Sim! Inegavelmente sim, definitivamente sim. Porque o racismo é um crime de lesa-humanidade incompatível com todos os valores, direitos e deveres capazes de assegurar qualidade e humanidade à vida em sociedade.
Porém, e lamentavelmente, alguns formadores de opinião estão promovendo um verdadeiro linchamento moral de pessoas e organizações negras que se utilizam dos poucos instrumentos jurídicos existentes para combater o racismo neste país.
A liberdade de expressão assegurada constitucionalmente garante à Sony e ao Tiririca todo o direito de colocar no mercado 300 mil cópias de um produto com várias referências depreciativas sobre as mulheres negras. A mesma Constituição nos confere o direito à preservação de imagem, a coibir o abuso no exercício da liberdade de expressão e a prática do racismo. Deliberar sobre essas ações é responsabilidade da Justiça.
É da natureza da democracia que a liberdade e o direito de cada um sejam limitados pelos dos outros. Mas, se a mídia defende a primazia do direito de expressão sobre os demais, ainda que este atinja a imagem, a dignidade e a auto-estima das pessoas, contrariando o próprio espírito da democracia, então que a mídia lute para mudar a lei, não nos acuse de censura por utilizá-la.
Outros preferem ver palhaçada onde há racismo, discriminação, intolerância ou falta de respeito para com a diferença.
Para esses é preciso lembrar que historicamente essas atitudes, ao invés de provocarem grandes gargalhadas, produziram, em passado não muito distante, alguns dos dramas mais trágicos da humanidade, como a escravidão dos negros, o extermínio de nações e povos indígenas, o holocausto dos judeus ou, atualmente, os massacres de sérvios, croatas, muçulmanos, tutsi, hutus, zulus, shosas, alguns dentre os vários conflitos étnicos/raciais e religiosos que se encontram no ar em horário nobre pelo mundo.

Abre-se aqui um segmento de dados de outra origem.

Lemma intT_slice_lipschitz k F L : intT_linear_monotone k -> lipschitz_with (S k) L F ->
  forall t s, Rabs (intT k (fun y => F (t :: y)) - intT k (fun y => F (s :: y))) <= L * Rabs (t - s).
Proof.
  intros [Hplus [Hscal Hle]] HF t s.
  assert (Ht : lipschitz k (fun y => F (t :: y))) by (exists L; apply lipschitz_with_slice; auto).
  assert (Hs : lipschitz k (fun y => -1 * F (s :: y)))
    by (apply lipschitz_scal; exists L; apply lipschitz_with_slice; auto).
  assert (HD : lipschitz k (fun y => F (t :: y) + -1 * F (s :: y))) by (apply lipschitz_plus; auto).
  replace (intT k (fun y => F (t :: y)) - intT k (fun y => F (s :: y)))
    with (intT k (fun y => F (t :: y) + -1 * F (s :: y))).
  2: { rewrite Hplus, Hscal by (auto; exists L; apply lipschitz_with_slice; auto). ring. }
  destruct HF as [hL HF].
  assert (B : forall y, length y = k -> Rabs (F (t :: y) + -1 * F (s :: y)) <= L * Rabs (t - s)).
  { intros y hy. specialize (HF (t :: y) (s :: y)); simpl in HF.
    rewrite hy, ldist_refl, Rplus_0_r in HF. replace (F (t :: y) + -1 * F (s :: y))
      with (F (t :: y) - F (s :: y)) by ring. auto. }
  apply Rabs_le; split.
  - rewrite <- (intT_const k (- (L * Rabs (t - s)))).
    apply Hle; [apply lipschitz_const | auto |]. intros y hy.
    specialize (B y hy); apply Rabs_le_between in B; lra.
  - rewrite <- (intT_const k (L * Rabs (t - s))).
    apply Hle; [auto | apply lipschitz_const |]. intros y hy.
    specialize (B y hy); apply Rabs_le_between in B; lra.
Qed.

Lemma lipschitz_R_continuous (f : R -> R) L :
  0 <= L -> (forall t s, Rabs (f t - f s) <= L * Rabs (t - s)) -> forall z, continuous f z.
Proof.
  intros hL H z. apply continuity_pt_filterlim. intros eps He.
  exists (eps / (L + 1)); split; [apply Rdiv_lt_0_compat; lra |].
  intros x [_ Hx]; simpl in *; unfold R_dist in *.
  eapply Rle_lt_trans; [apply H |].
  apply Rle_lt_trans with ((L + 1) * Rabs (x - z)); [pose proof (Rabs_pos (x - z)); nra |].
  replace eps with ((L + 1) * (eps / (L + 1))) by (field; lra).
  apply Rmult_lt_compat_l; lra.
Qed.

Lemma ex_RInt_intT_slice k F : intT_linear_monotone k -> lipschitz (S k) F ->
  ex_RInt (fun t => intT k (fun y => F (t :: y))) 0 1.
Proof.
  intros HP [L HF]. apply (@ex_RInt_continuous R_CompleteNormedModule). intros z _.
  apply (lipschitz_R_continuous _ L); [apply HF | apply intT_slice_lipschitz; auto].
Qed.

Por isso estamos seguros: quando o humor depende do racismo, da discriminação ou do preconceito para ser engraçado, é porque faltou talento e competência, mas sobrou oportunismo e irresponsabilidade.

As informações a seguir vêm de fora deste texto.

(* Let $n\ge4$, $0<\alpha_2,\alpha_3<1$, $\alpha_1=1-\alpha_2-\alpha_3$, $\lambda^*=\big(\frac{n-1+\alpha_1}{n},\frac{\alpha_2}{n},\frac{\alpha_3}{n}\big)$. Then $$\sum_{\substack{i\in I\\ i_2\ge1,\ i_3\ge1}}|l_i(\lambda^* )|\le\frac{5\cdot2^{n+1}}{e\,n(\ln n-1)}\Big(1+\frac{15}{n-3}\Big).$$
   Context: For an integer $n\ge1$ let $I=\{i=(i_1,i_2,i_3)\in\mathbb{Z}_+^3: i_1+i_2+i_3=n\}$ and $l_i(\lambda)=\prod_{s=1}^{3}\frac{1}{i_s!}\prod_{t=0}^{i_s-1}(n\lambda_s-t)$ for $\lambda=(\lambda_1,\lambda_2,\lambda_3)$ (Lagrange fundamental polynomials for the equally spaced nodes $i/n$ of a triangle in barycentric coordinates). *)

From Stdlib Require Import Reals List Arith Bool.
Import ListNotations.
Open Scope R_scope.

Fixpoint fallprod (x : R) (k : nat) : R :=
  match k with
  | O => 1
  | S k' => fallprod x k' * (x - INR k')
  end.

Definition lfactor (n : nat) (lam : R) (k : nat) : R :=
  / INR (fact k) * fallprod (INR n * lam) k.

Definition idx := (nat * nat * nat)%type.
Definition i1 (i : idx) : nat := fst (fst i).
Definition i2 (i : idx) : nat := snd (fst i).
Definition i3 (i : idx) : nat := snd i.

Definition lagr (n : nat) (i : idx) (l1 l2 l3 : R) : R :=
  lfactor n l1 (i1 i) * lfactor n l2 (i2 i) * lfactor n l3 (i3 i).

(* I = { i in Z_+^3 : i1 + i2 + i3 = n }, as an explicit duplicate-free list *)
Definition Iset (n : nat) : list idx :=
  flat_map (fun a =>
    flat_map (fun b => if (a + b <=? n)%nat then [((a, b), (n - a - b)%nat)] else [])
      (seq 0 (S n)))
    (seq 0 (S n)).

Definition sumR (l : list R) : R := fold_right Rplus 0 l.

From Stdlib Require Import Reals List Arith Bool Lra Lia Psatz.
Import ListNotations.
Open Scope R_scope.

(* At [lambda*] the Lagrange polynomial is a product of generalized binomial coefficients,
   [l_i = binom (n - a2 - a3) i1 * binom a2 i2 * binom a3 i3].  For [0 < b < 1] one has
   [|binom b k| = (b / k) prod_(1 <= m < k) (1 - b / m)], so these moduli sum to at most 1,
   and [binom (n - c) j <= binom n j * prod_(t < j) (1 - b / (n - t))].  As [i2 + i3 = n - i1],
   the larger of [i2], [i3] is at least [(n - i1) / 2]; estimating the products by powers via
   [1 - b / y <= ((y + 1) / y) ^ (-b)] bounds that factor times the first one by
   [binom n i1 * 2 / ((n - i1) e ln ((n + 1) / 3))], while the smaller factor sums to at most 1.
   Finally [binom n j / (n - j)] is dominated by a combination of [binom (n + 1) j] and
   [binom (n + 2) j], whose row sums are powers of 2. *)

Lemma sumR_app l1 l2 : sumR (l1 ++ l2) = sumR l1 + sumR l2.
Proof. induction l1 as [|x l IH]; simpl; [lra|rewrite IH; lra]. Qed.

Lemma sumR_map_le {A} (f g : A -> R) l :
  (forall x, In x l -> f x <= g x) -> sumR (map f l) <= sumR (map g l).
Proof.
  induction l as [|x l IH]; simpl; intros H; [lra|].
  apply Rplus_le_compat; auto.
Qed.

Lemma sumR_map_plus {A} (f g : A -> R) l :
  sumR (map (fun x => f x + g x) l) = sumR (map f l) + sumR (map g l).
Proof. induction l as [|x l IH]; simpl; [lra|rewrite IH; lra]. Qed.

Lemma sumR_map_scal {A} (c : R) (f : A -> R) l :
  sumR (map (fun x => c * f x) l) = c * sumR (map f l).
Proof. induction l as [|x l IH]; simpl; [lra|rewrite IH; lra]. Qed.

Lemma sumR_map_zero {A} (f : A -> R) l :
  (forall x, In x l -> f x = 0) -> sumR (map f l) = 0.
Proof. induction l as [|x l IH]; simpl; intros H; [lra|]. rewrite H, IH; auto; lra. Qed.

Lemma sumR_map_flat_map {A B} (F : B -> R) (G : A -> list B) l :
  sumR (map F (flat_map G l)) = sumR (map (fun x => sumR (map F (G x))) l).
Proof.
  induction l as [|x l IH]; simpl; [lra|]. rewrite map_app, sumR_app, IH; lra.
Qed.

Lemma sumR_map_filter {A} (F : A -> R) p l :
  sumR (map F (filter p l)) = sumR (map (fun x => if p x then F x else 0) l).
Proof.
  induction l as [|x l IH]; simpl; [lra|]. destruct (p x); simpl; rewrite IH; lra.
Qed.

Definition ssum (f : nat -> R) (N : nat) : R := sumR (map f (seq 0 N)).

Lemma ssum_ext f g N : (forall k, (k < N)%nat -> f k = g k) -> ssum f N = ssum g N.
Proof.
  intros H. unfold ssum. f_equal. apply map_ext_in.
  intros k Hk. apply in_seq in Hk. apply H. lia.
Qed.

Lemma ssum_le f g N : (forall k, (k < N)%nat -> f k <= g k) -> ssum f N <= ssum g N.
Proof. intros H. apply sumR_map_le. intros k Hk. apply in_seq in Hk. apply H. lia. Qed.

Lemma ssum_plus f g N : ssum (fun k => f k + g k) N = ssum f N + ssum g N.
Proof. apply sumR_map_plus. Qed.

Lemma ssum_scal c f N : ssum (fun k => c * f k) N = c * ssum f N.
Proof. apply sumR_map_scal. Qed.

Lemma ssum_Sr f N : ssum f (S N) = ssum f N + f N.
Proof. unfold ssum. rewrite seq_S, map_app, sumR_app. simpl. lra. Qed.

Lemma ssum_Sl f N : ssum f (S N) = f 0%nat + ssum (fun k => f (S k)) N.
Proof. unfold ssum. simpl. rewrite <- seq_shift, map_map. reflexivity. Qed.

Lemma ssum_rev f N : ssum f N = ssum (fun k => f (N - S k)%nat) N.
Proof.
  induction N as [|N IH]; [reflexivity|].
  rewrite ssum_Sr, ssum_Sl, IH. simpl. rewrite Nat.sub_0_r. lra.
Qed.

Lemma ssum_trunc f N M : (N <= M)%nat -> (forall k, (N <= k < M)%nat -> f k = 0) ->
  ssum f M = ssum f N.
Proof.
  intros HNM H. unfold ssum. replace M with (N + (M - N))%nat by lia.
  rewrite seq_app, map_app, sumR_app, (sumR_map_zero _ (seq (0 + N) _)); [lra|].
  intros k Hk. apply in_seq in Hk. apply H. lia.
Qed.

Lemma ssum_window (h : nat -> R) n a :
  ssum (fun b => if (a + b <=? n)%nat && ((1 <=? b)%nat && (1 <=? n - a - b)%nat)
                 then h b else 0) (S n)
  = ssum (fun k => h (S k)) (n - a - 1).
Proof.
  rewrite ssum_Sl, andb_false_r, Rplus_0_l.
  rewrite (ssum_trunc _ (n - a - 1)); [|lia|].
  - apply ssum_ext. intros k Hk.
    replace (a + S k <=? n)%nat with true by (symmetry; apply Nat.leb_le; lia).
    replace (1 <=? n - a - S k)%nat with true by (symmetry; apply Nat.leb_le; lia).
    reflexivity.
  - intros k Hk.
    destruct (a + S k <=? n)%nat eqn:E; [|reflexivity].
    apply Nat.leb_le in E.
    replace (1 <=? n - a - S k)%nat with false by (symmetry; apply Nat.leb_gt; lia).
    now rewrite !andb_false_r.
Qed.

Lemma sumR_filter_Iset (F : idx -> R) p n :
  sumR (map F (filter p (Iset n))) =
  ssum (fun a => ssum (fun b =>
      if (a + b <=? n)%nat && p ((a, b), (n - a - b)%nat)
      then F ((a, b), (n - a - b)%nat) else 0) (S n)) (S n).
Proof.
  rewrite sumR_map_filter. unfold Iset, ssum. rewrite sumR_map_flat_map.
  f_equal. apply map_ext. intros a. rewrite sumR_map_flat_map.
  f_equal. apply map_ext. intros b.
  destruct (a + b <=? n)%nat; simpl; lra.
Qed.

Definition gbinom (x : R) (k : nat) : R := / INR (fact k) * fallprod x k.

Lemma gbinom_0 x : gbinom x 0 = 1.
Proof. unfold gbinom; simpl; lra. Qed.

Lemma gbinom_S x k : gbinom x (S k) = gbinom x k * (x - INR k) / INR (S k).
Proof.
  unfold gbinom. simpl fallprod. rewrite fact_simpl, mult_INR.
  assert (0 < INR (fact k)) by apply lt_0_INR, lt_O_fact.
  assert (INR (S k) <> 0) by (apply not_0_INR; lia).
  field. lra.
Qed.

Lemma gbinom_succ_mul x j : gbinom (x + 1) j * (x + 1 - INR j) = (x + 1) * gbinom x j.
Proof.
  induction j as [|j IH].
  - rewrite !gbinom_0; simpl; lra.
  - assert (INR (S j) <> 0) by (apply not_0_INR; lia).
    rewrite !gbinom_S.
    replace ((x + 1) * (gbinom x j * (x - INR j) / INR (S j)))
      with ((x + 1) * gbinom x j * (x - INR j) / INR (S j)) by (field; assumption).
    rewrite <- IH, S_INR in *. field. assumption.
Qed.

Lemma gbinom_pascal x j : gbinom (x + 1) (S j) = gbinom x (S j) + gbinom x j.
Proof.
  assert (INR (S j) <> 0) by (apply not_0_INR; lia).
  rewrite !gbinom_S. unfold Rdiv at 1. rewrite gbinom_succ_mul, S_INR in *.
  field. assumption.
Qed.

Lemma gbinom_nat_above N j : (N < j)%nat -> gbinom (INR N) j = 0.
Proof.
  induction j as [|j IH]; intros H; [lia|].
  rewrite gbinom_S. destruct (Nat.eq_dec j N) as [->|Hj].
  - rewrite Rminus_diag. lra.
  - rewrite IH by lia. lra.
Qed.

Lemma gbinom_nat_nonneg N j : 0 <= gbinom (INR N) j.
Proof.
  induction j as [|j IH]; [rewrite gbinom_0; lra|].
  destruct (le_lt_dec j N) as [H|H].
  - rewrite gbinom_S. apply Rmult_le_pos; [|left; apply Rinv_0_lt_compat, lt_0_INR; lia].
    apply Rmult_le_pos; [assumption|]. apply Rge_le, Rge_minus, Rle_ge, le_INR, H.
  - rewrite gbinom_nat_above by lia. lra.
Qed.

Lemma ssum_gbinom_nat_le N K : ssum (gbinom (INR N)) K <= 2 ^ N.
Proof.
  revert K; induction N as [|N IH]; intros [|K];
    try (change (ssum _ 0) with 0; apply pow_le; lra).
  - rewrite ssum_Sl, gbinom_0, (ssum_trunc _ 0); [|lia|].
    + change (ssum _ 0) with 0. simpl. lra.
    + intros k _. apply gbinom_nat_above. lia.
  - rewrite ssum_Sl, gbinom_0, S_INR.
    rewrite (ssum_ext _ (fun k => gbinom (INR N) (S k) + gbinom (INR N) k))
      by (intros k _; apply gbinom_pascal).
    rewrite ssum_plus. pose proof (IH (S K)) as H1. pose proof (IH K) as H2.
    rewrite ssum_Sl, gbinom_0 in H1. simpl. lra.
Qed.

Lemma ln_le_compat x y : 0 < x -> x <= y -> ln x <= ln y.
Proof. intros Hx [H|H]; [left; apply ln_increasing; assumption|subst; lra]. Qed.

Lemma exp_le_compat x y : x <= y -> exp x <= exp y.
Proof. intros [H|H]; [left; apply exp_increasing; assumption|subst; lra]. Qed.

Lemma one_sub_div_le_exp b y : 0 <= b -> 0 < y ->
  1 - b / y <= exp (- b * (ln (y + 1) - ln y)).
Proof.
  intros Hb Hy.
  assert (Hln : ln (y + 1) - ln y <= / y).
  { assert (Hle : y + 1 <= y * exp (/ y)).
    { pose proof (exp_ineq1_le (/ y)).
      replace (y + 1) with (y * (1 + / y)) by (field; lra).
      apply Rmult_le_compat_l; lra. }
    apply ln_le_compat in Hle; [|lra].
    rewrite ln_mult, ln_exp in Hle by (try apply exp_pos; lra). lra. }
  pose proof (exp_ineq1_le (- (b / y))).
  apply Rle_trans with (exp (- (b / y))); [lra|].
  apply exp_le_compat. unfold Rdiv. nra.
Qed.

Definition harm_prod (b : R) (lo len : nat) : R :=
  fold_right Rmult 1 (map (fun m => 1 - b / INR m) (seq lo len)).

Lemma harm_prod_succ_r b lo len :
  harm_prod b lo (S len) = harm_prod b lo len * (1 - b / INR (lo + len)).
Proof.
  unfold harm_prod. rewrite seq_S, map_app, fold_right_app. simpl.
  generalize (map (fun m => 1 - b / INR m) (seq lo len)) as l.
  induction l as [|x l IH]; simpl; [ring|rewrite IH; ring].
Qed.

Lemma harm_prod_bounds b lo len : (1 <= lo)%nat -> 0 <= b <= 1 ->
  0 <= harm_prod b lo len <= exp (- b * (ln (INR (lo + len)) - ln (INR lo))).
Proof.
  revert lo; induction len as [|len IH]; intros lo Hlo Hb.
  - rewrite Nat.add_0_r, Rminus_diag, Rmult_0_r, exp_0. unfold harm_prod; simpl; lra.
  - change (harm_prod b lo (S len)) with ((1 - b / INR lo) * harm_prod b (S lo) len).
    destruct (IH (S lo) ltac:(lia) Hb) as [H0 H1].
    assert (Hl : 1 <= INR lo) by (apply (le_INR 1); assumption).
    assert (Hf : 0 <= 1 - b / INR lo).
    { assert (b / INR lo <= 1); [|lra].
      apply Rmult_le_reg_r with (INR lo); [lra|]. unfold Rdiv.
      rewrite Rmult_assoc, Rinv_l by lra. lra. }
    pose proof (one_sub_div_le_exp b (INR lo) (proj1 Hb) ltac:(lra)) as Hexp.
    rewrite S_INR in *. replace (lo + S len)%nat with (S lo + len)%nat by lia.
    split; [apply Rmult_le_pos; assumption|].
    replace (- b * (ln (INR (S lo + len)) - ln (INR lo)))
      with (- b * (ln (INR lo + 1) - ln (INR lo))
            + - b * (ln (INR (S lo + len)) - ln (INR lo + 1))) by ring.
    rewrite exp_plus. apply Rmult_le_compat; assumption.
Qed.

Lemma Rabs_gbinom_frac a K : 0 < a < 1 ->
  Rabs (gbinom a (S K)) = a * harm_prod a 1 K / INR (S K).
Proof.
  intros Ha. induction K as [|K IH].
  - rewrite gbinom_S, gbinom_0, Rabs_right; [unfold harm_prod; simpl; field|simpl; lra].
  - assert (1 <= INR (S K)) by (apply (le_INR 1); lia).
    assert (INR (S (S K)) <> 0) by (apply not_0_INR; lia).
    rewrite gbinom_S, harm_prod_succ_r. unfold Rdiv.
    rewrite !Rabs_mult, Rabs_inv, (Rabs_left1 (a - INR (S K))) by lra.
    rewrite (Rabs_right (INR (S (S K)))) by (apply Rle_ge, pos_INR).
    unfold Rdiv in IH. rewrite IH. replace (1 + K)%nat with (S K) by lia.
    field. split; lra.
Qed.

Lemma ssum_Rabs_gbinom_frac_le a K : 0 < a < 1 ->
  ssum (fun k => Rabs (gbinom a (S k))) K <= 1.
Proof.
  intros Ha.
  assert (E : ssum (fun k => Rabs (gbinom a (S k))) K = 1 - harm_prod a 1 K).
  { induction K as [|K IH]; [unfold ssum, harm_prod; simpl; lra|].
    assert (INR (S K) <> 0) by (apply not_0_INR; lia).
    rewrite ssum_Sr, IH, Rabs_gbinom_frac, harm_prod_succ_r by assumption.
    replace (1 + K)%nat with (S K) by lia. field. assumption. }
  pose proof (harm_prod_bounds a 1 K ltac:(lia) ltac:(lra)). lra.
Qed.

Por fim, para aqueles que perguntam por que Lamartine Babo ou Noel Rosa não foram processados, lembramos também que os tempos mudaram, e a consciência humana e a consciência negra avançam neste país e no mundo de forma irreversível, repudiando cada vez mais práticas discriminatórias e sua impunidade. A recorrência à lei é, embora das mais democráticas e civilizadas, apenas uma das maneiras de enfrentar o racismo.